### Dataset records
(* Fix an epoch $t$ and a parameter vector $\theta^t\in\mathbb{R}^P$. Assume there are constants $\kappa_l>0$, $l\in\mathcal{L}$, such that $\|\nabla_l f(\theta^t)-\nabla_l f_i(\theta^t)\|^2\le\kappa_l^2$ for all $i\in\mathcal{N}$ and $l\in\mathcal{L}$. Then $$\mathcal{E}_t:=\Big\|\nabla f(\theta^t)-\sum_{l\in\mathcal{L}_t}\nabla_l h_l^t(\theta^t)\Big\|^2 \le 2\,\mathcal{E}_{t,1}+2\,\mathcal{E}_{t,2},$$ where $\mathcal{E}_{t,1}=\big\|\sum_{l\notin\mathcal{L}_t}\nabla_l f(\theta^t)\big\|^2$ and $\mathcal{E}_{t,2}=\sum_{l\in\mathcal{L}_t}\chi_{\mathbf{w}_{t,l}\|\alpha}\,\kappa_l^2$ with $\chi_{\mathbf{w}_{t,l}\|\alpha}=\sum_{i\in\mathcal{N}}\frac{(w_{i,l}^t-\alpha_i)^2}{\alpha_i}$.
   Context: There are $N$ clients $\mathcal{N}=\{1,\dots,N\}$; client $i$ has $d_i>0$ samples and local objective $f_i:\mathbb{R}^P\to\mathbb{R}$ (differentiable). Let $\alpha_i=d_i/\sum_{j=1}^N d_j$ and $f=\sum_{i=1}^N\alpha_i f_i$. The parameter vector $\theta\in\mathbb{R}^P$ is partitioned into $L$ layers (blocks) indexed by $\mathcal{L}=\{1,\dots,L\}$; $\nabla_l F(\theta)$ denotes the gradient of $F$ with respect to the block of layer $l$, viewed as a vector of $\mathbb{R}^P$ with zeros outside that block. In epoch $t$, a set $\mathcal{S}^t\subseteq\mathcal{N}$ of clients participates, each $i\in\mathcal{S}^t$ has a selected layer set $\mathcal{L}_i^t\subseteq\mathcal{L}$, and $\mathcal{L}_t=\bigcup_{i\in\mathcal{S}^t}\mathcal{L}_i^t$. Weights: $w_{i,l}^t=d_i/\sum_{j\in\mathcal{S}^t:\,l\in\mathcal{L}_j^t}d_j$ if $i\in\mathcal{S}^t$ and $l\in\mathcal{L}_i^t$, and $w_{i,l}^t=0$ otherwise (for all $i\in\mathcal{N}$). Surrogate objective: $h_l^t(\theta)=\sum_{i\in\mathcal{S}^t}w_{i,l}^t f_i(\theta)$. *)

From HB Require Import structures.
From mathcomp Require Import all_boot all_order all_algebra.
From mathcomp Require Import all_classical all_reals all_analysis.
Set Implicit Arguments. Unset Strict Implicit. Unset Printing Implicit Defensive.
Import Order.TTheory GRing.Theory Num.Theory.
Import numFieldNormedType.Exports.
Local Open Scope ring_scope.

Section FL.
Variable R : realType.

Definition sqnorm (P : nat) (v : 'rV[R]_P) : R := \sum_(j < P) (v ord0 j) ^+ 2.

Definition grad (P : nat) (F : 'rV[R]_P -> R) (x : 'rV[R]_P) : 'rV[R]_P :=
  \row_(j < P) ('d F x : 'rV[R]_P -> R) (delta_mx ord0 j).

(* Block gradient nabla_l F(x): the gradient restricted to the coordinates
   of layer l (blk j = layer of coordinate j), zero elsewhere. *)
Definition grad_blk (P L : nat) (blk : 'I_P -> 'I_L) (l : 'I_L)
  (F : 'rV[R]_P -> R) (x : 'rV[R]_P) : 'rV[R]_P :=
  \row_(j < P) (if blk j == l then grad F x ord0 j else 0).

Definition alpha (N : nat) (d : 'I_N -> nat) (i : 'I_N) : R :=
  (d i)%:R / (\sum_(j < N) (d j)%:R).

Definition fglob (P N : nat) (d : 'I_N -> nat) (f : 'I_N -> 'rV[R]_P -> R)
  : 'rV[R]_P -> R := fun x => \sum_(i < N) alpha d i * f i x.

Definition weight (N L : nat) (d : 'I_N -> nat) (S : {set 'I_N})
  (Ls : 'I_N -> {set 'I_L}) (i : 'I_N) (l : 'I_L) : R :=
  if (i \in S) && (l \in Ls i)
  then (d i)%:R / (\sum_(j in S | l \in Ls j) (d j)%:R)
  else 0.

Definition hsur (P N L : nat) (d : 'I_N -> nat) (S : {set 'I_N})
  (Ls : 'I_N -> {set 'I_L}) (f : 'I_N -> 'rV[R]_P -> R) (l : 'I_L)
  : 'rV[R]_P -> R := fun x => \sum_(i in S) weight d S Ls i l * f i x.

Definition Lunion (N L : nat) (S : {set 'I_N}) (Ls : 'I_N -> {set 'I_L})
  : {set 'I_L} := \bigcup_(i in S) Ls i.

Definition chi2 (N L : nat) (d : 'I_N -> nat) (S : {set 'I_N})
  (Ls : 'I_N -> {set 'I_L}) (l : 'I_L) : R :=
  \sum_(i < N) (weight d S Ls i l - alpha d i) ^+ 2 / alpha d i.

End FL.
Arguments chi2 {R N L} d S Ls l.
Arguments alpha {R N} d i.
Arguments weight {R N L} d S Ls i l.

From HB Require Import structures.
From mathcomp Require Import all_boot all_order all_algebra.
From mathcomp Require Import all_classical all_reals all_analysis.
From mathcomp Require Import ring lra.
Import Order.TTheory GRing.Theory Num.Theory.
Import numFieldNormedType.Exports.
Local Open Scope ring_scope.

(* Write g = grad f(theta) = sum_i alpha_i g_i and h_l = grad h_l(theta) =
   sum_i w_il g_i.  The error vector splits into orthogonal layer blocks: on a
   layer outside L_t it is the block of g, on a selected layer l the block of
   g - h_l.  As both weight vectors w_l and alpha sum to one,
   g - h_l = sum_i (w_il - alpha_i) (g - g_i), and the weighted Cauchy-Schwarz
   inequality (sum_i c_i v_i)^2 <= (sum_i c_i^2 / alpha_i) (sum_i alpha_i v_i^2)
   bounds the squared norm of its block by chi(w_l || alpha) kappa_l^2.  The
   bound in fact holds with 1 in place of both factors 2. *)

Lemma sum_if_eq {M : nmodType} {I : finType} (P : pred I) (i0 : I) (F : I -> M) :
  \sum_(i | P i) (if i0 == i then F i else 0) = if P i0 then F i0 else 0.
Proof.
rewrite -big_mkcondr; case: ifP => P_i0.
  rewrite (big_pred1 i0) // => i /=.
  by rewrite eq_sym; case: eqP => [->|]; rewrite ?andbT ?andbF.
by rewrite big_pred0 // => i; apply/andP => -[Pi /eqP i0i]; rewrite i0i Pi in P_i0.
Qed.

Lemma sumr_nat_gt0 {R : numDomainType} {I : finType} (Q : pred I) (d : I -> nat) i0 :
  Q i0 -> (0 < d i0)%N -> 0 < \sum_(i | Q i) (d i)%:R :> R.
Proof.
by move=> Q_i0 d_i0; rewrite (bigD1 i0) //= ltr_wpDr ?sumr_ge0 ?ltr0n.
Qed.

Lemma sub_combE {R : pzRingType} {V : lmodType R} {I : finType}
    (g : V) (a w : I -> R) (u : I -> V) :
  \sum_i w i = \sum_i a i ->
  \sum_i a i *: u i - \sum_i w i *: u i = \sum_i (w i - a i) *: (g - u i).
Proof.
move=> sum_wa; under [in RHS]eq_bigr do rewrite scalerBr.
rewrite sumrB -scaler_suml sumrB sum_wa subrr scale0r sub0r.
by under [in RHS]eq_bigr do rewrite scalerBl; rewrite sumrB opprB.
Qed.

Lemma sqr_sum_le_weighted (R : realFieldType) (I : finType) (a c v : I -> R) :
  (forall i, 0 < a i) ->
  (\sum_i c i * v i) ^+ 2 <= (\sum_i c i ^+ 2 / a i) * (\sum_i a i * v i ^+ 2).
Proof.
move=> a_gt0.
pose X i k := c i ^+ 2 / a i * (a k * v k ^+ 2).
pose Z i k := c i * v i * (c k * v k).
(* Lagrange's identity for x_i = c_i / sqrt (a_i) and y_i = sqrt (a_i) v_i. *)
have lagrange : \sum_i \sum_k (c i * a k * v k - c k * a i * v i) ^+ 2 / (a i * a k)
    = 2 * ((\sum_i c i ^+ 2 / a i) * (\sum_i a i * v i ^+ 2) - (\sum_i c i * v i) ^+ 2).
  transitivity (\sum_i \sum_k (X i k + X k i - 2 * Z i k)).
    apply: eq_bigr => i _; apply: eq_bigr => k _.
    by rewrite /X /Z; field; rewrite !gt_eqF.
  rewrite expr2 !big_distrlr /=.
  under eq_bigr do rewrite sumrB big_split /=.
  rewrite sumrB big_split /= [T in _ + T - _]exchange_big /=.
  under [T in _ - T]eq_bigr do rewrite -mulr_sumr.
  by rewrite -mulr_sumr /X /Z; ring.
rewrite -subr_ge0 -(pmulr_rge0 _ (ltr0n R 2)) -lagrange.
apply: sumr_ge0 => i _; apply: sumr_ge0 => k _.
by rewrite divr_ge0 ?sqr_ge0 // ltW // mulr_gt0.
Qed.

Lemma is_diff_sum (R : numFieldType) (V W : normedModType R) (I : Type)
    (r : seq I) (Q : pred I) (F dF : I -> V -> W) (x : V) :
  (forall i, is_diff x (F i) (dF i)) ->
  is_diff x (\sum_(i <- r | Q i) F i) (\sum_(i <- r | Q i) dF i).
Proof.
move=> F_diff; elim/big_rec2: _ => [|i ? ? _ ?]; first exact: is_diff_cst.
exact: is_diffD.
Qed.

Section RowVectors.
Context {R : realType} {P : nat}.
Implicit Types (u v g : 'rV[R]_P).

Lemma grad_sum (I : Type) (r : seq I) (Q : pred I) (c : I -> R)
    (h : I -> 'rV[R]_P -> R) (x : 'rV[R]_P) :
  (forall i, differentiable (h i) x) ->
  grad (fun y => \sum_(i <- r | Q i) c i * h i y) x
  = \sum_(i <- r | Q i) c i *: grad (h i) x.
Proof.
move=> h_diff.
have sum_diff : is_diff x (\sum_(i <- r | Q i) c i *: h i)
    (\sum_(i <- r | Q i) c i *: ('d (h i) x : _ -> R)).
  by apply: is_diff_sum => i; apply/is_diffZ/differentiableP.
rewrite -fct_sumE; apply/rowP => j; rewrite !mxE diff_val summxE fct_sumE.
by apply: eq_bigr => i _; rewrite !mxE.
Qed.

Lemma sqnorm_ge0 v : 0 <= sqnorm v.
Proof. by apply: sumr_ge0 => j _; apply: sqr_ge0. Qed.

Lemma sqnorm_sum_le_weighted (I : finType) (a c : I -> R) (v : I -> 'rV[R]_P) :
  (forall i, 0 < a i) ->
  sqnorm (\sum_i c i *: v i)
  <= (\sum_i c i ^+ 2 / a i) * \sum_i a i * sqnorm (v i).
Proof.
move=> a_gt0; rewrite /sqnorm.
under eq_bigr do rewrite summxE; under eq_bigr do under eq_bigr do rewrite mxE.
under [in X in _ <= _ * X]eq_bigr do rewrite mulr_sumr.
rewrite exchange_big mulr_sumr; apply: ler_sum => j _.
exact: sqr_sum_le_weighted.
Qed.

Lemma sqnorm_sub_comb_le g k (I : finType) (a w : I -> R) (u : I -> 'rV[R]_P) :
  (forall i, 0 < a i) -> \sum_i a i = 1 -> \sum_i w i = 1 ->
  (forall i, sqnorm (g - u i) <= k) ->
  sqnorm (\sum_i a i *: u i - \sum_i w i *: u i)
  <= (\sum_i (w i - a i) ^+ 2 / a i) * k.
Proof.
move=> a_gt0 sum_a sum_w u_near_g.
rewrite (sub_combE g); last by rewrite sum_a sum_w.
apply: le_trans; first exact: sqnorm_sum_le_weighted.
apply: ler_wpM2l.
  by apply: sumr_ge0 => i _; rewrite divr_ge0 ?sqr_ge0 ?ltW.
rewrite -[leRHS]mul1r -sum_a mulr_suml; apply: ler_sum => i _.
by rewrite ler_pM2l.
Qed.

Context {L : nat} (blk : 'I_P -> 'I_L).

(* [grad_blk blk l F x] unfolds to [blk_proj l (grad F x)], so the lemmas
   below apply to the block gradients of the theorem by conversion. *)
Definition blk_proj (l : 'I_L) v : 'rV[R]_P :=
  \row_j (if blk j == l then v ord0 j else 0).

Fact blk_proj_is_linear l : linear (blk_proj l).
Proof.
move=> k u v; apply/rowP => j; rewrite !mxE.
by case: ifP; rewrite ?mulr0 ?addr0.
Qed.

HB.instance Definition _ l :=
  GRing.isLinear.Build R 'rV[R]_P 'rV[R]_P _ (blk_proj l) (blk_proj_is_linear l).

Lemma sum_blk_proj_mxE (Q : pred 'I_L) (v : 'I_L -> 'rV[R]_P) j :
  (\sum_(l | Q l) blk_proj l (v l)) ord0 j
  = if Q (blk j) then v (blk j) ord0 j else 0.
Proof.
rewrite summxE -(sum_if_eq Q (blk j) (fun l => v l ord0 j)).
by apply: eq_bigr => l _; rewrite mxE.
Qed.

Lemma sqnorm_sum_blk_proj (Q : pred 'I_L) (v : 'I_L -> 'rV[R]_P) :
  sqnorm (\sum_(l | Q l) blk_proj l (v l))
  = \sum_(l | Q l) sqnorm (blk_proj l (v l)).
Proof.
rewrite /sqnorm exchange_big; apply: eq_bigr => j _ /=.
rewrite sum_blk_proj_mxE (fun_if (fun x => x ^+ 2)) expr0n /=.
rewrite -(sum_if_eq Q (blk j) (fun l => v l ord0 j ^+ 2)).
by apply: eq_bigr => l _; rewrite mxE (fun_if (fun x => x ^+ 2)) expr0n.
Qed.

End RowVectors.

Section Weights.
Context {R : realType} {N L : nat} (d : 'I_N -> nat).
Context (S : {set 'I_N}) (Ls : 'I_N -> {set 'I_L}).

Lemma alpha_gt0 i : (0 < d i)%N -> 0 < alpha d i :> R.
Proof.
by move=> d_i; rewrite divr_gt0 ?ltr0n //; exact: (sumr_nat_gt0 _ _ i isT d_i).
Qed.

Lemma sum_alpha i0 : (0 < d i0)%N -> \sum_i alpha d i = 1 :> R.
Proof.
move=> d_i0; rewrite -mulr_suml mulfV // gt_eqF //.
exact: (sumr_nat_gt0 _ _ i0 isT d_i0).
Qed.

Lemma sum_weight l i0 : i0 \in S -> l \in Ls i0 -> (0 < d i0)%N ->
  \sum_i weight d S Ls i l = 1 :> R.
Proof.
move=> i0_S l_i0 d_i0; rewrite -big_mkcond /= -mulr_suml mulfV // gt_eqF //.
by apply: (sumr_nat_gt0 _ _ i0 _ d_i0); rewrite i0_S l_i0.
Qed.

Lemma hsurE P (f : 'I_N -> 'rV[R]_P -> R) l :
  hsur d S Ls f l = fun x => \sum_i weight d S Ls i l * f i x.
Proof.
apply/funext => x; rewrite /hsur big_mkcond; apply: eq_bigr => i _.
by case: ifP => // i_S; rewrite /weight i_S mul0r.
Qed.

End Weights.

Theorem lemma2 (R : realType) (P N L : nat) (blk : 'I_P -> 'I_L)
  (d : 'I_N -> nat) (hd : forall i, (0 < d i)%N)
  (f : 'I_N -> 'rV[R]_P -> R)
  (hdiff : forall i (x : 'rV[R]_P), differentiable (f i) x)
  (S : {set 'I_N}) (Ls : 'I_N -> {set 'I_L})
  (theta : 'rV[R]_P) (kappa : 'I_L -> R) (hkappa : forall l, 0 < kappa l)
  (hbound : forall (i : 'I_N) (l : 'I_L),
     sqnorm (grad_blk blk l (fglob d f) theta - grad_blk blk l (f i) theta)
       <= kappa l ^+ 2) :
  sqnorm (grad (fglob d f) theta
          - \sum_(l in Lunion S Ls) grad_blk blk l (hsur d S Ls f l) theta)
  <= 2 * sqnorm (\sum_(l in ~: Lunion S Ls) grad_blk blk l (fglob d f) theta)
     + 2 * (\sum_(l in Lunion S Ls) chi2 d S Ls l * kappa l ^+ 2).
Proof.
set g := grad (fglob d f) theta; set Lt := Lunion S Ls.
pose h l := grad (hsur d S Ls f l) theta.
have grad_f : g = \sum_i alpha d i *: grad (f i) theta by exact: grad_sum.
have grad_h l : h l = \sum_i weight d S Ls i l *: grad (f i) theta.
  by rewrite /h hsurE; exact: grad_sum.
have errE : g - \sum_(l in Lt) grad_blk blk l (hsur d S Ls f l) theta
    = \sum_l blk_proj blk l (if l \in Lt then g - h l else g).
  apply/rowP => j; rewrite !mxE !sum_blk_proj_mxE.
  by case: ifP; rewrite ?mxE ?subr0.
have unselected :
    \sum_(l | l \notin Lt) sqnorm (blk_proj blk l (if l \in Lt then g - h l else g))
    = sqnorm (\sum_(l in ~: Lt) grad_blk blk l (fglob d f) theta).
  by rewrite sqnorm_sum_blk_proj; apply: eq_big => [l|l /negbTE ->]; rewrite ?inE.
have selected :
    \sum_(l in Lt) sqnorm (blk_proj blk l (if l \in Lt then g - h l else g))
    <= \sum_(l in Lt) chi2 d S Ls l * kappa l ^+ 2.
  apply: ler_sum => l l_Lt; rewrite l_Lt.
  have [i0 i0_S l_i0] := bigcupP l_Lt.
  rewrite linearB grad_h grad_f [X in X - _]linear_sum [X in _ - X]linear_sum /=.
  under eq_bigr do rewrite linearZZ; under [X in _ - X]eq_bigr do rewrite linearZZ.
  apply: (sqnorm_sub_comb_le (blk_proj blk l g)) => [i|||i].
  - exact: alpha_gt0 (hd i).
  - exact: sum_alpha (hd i0).
  - exact: sum_weight i0_S l_i0 (hd i0).
  - exact: hbound.
rewrite errE sqnorm_sum_blk_proj (bigID (mem Lt)) /= unselected.
have := sqnorm_ge0 (\sum_(l in ~: Lt) grad_blk blk l (fglob d f) theta).
have : 0 <= \sum_(l in Lt) sqnorm (blk_proj blk l (if l \in Lt then g - h l else g)).
  by apply: sumr_ge0 => l _; apply: sqnorm_ge0.
lra.
Qed.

### Your objective
Tally, in the data above, the lines where the word "errE" occurs, and give the figure alone.

### Result below
2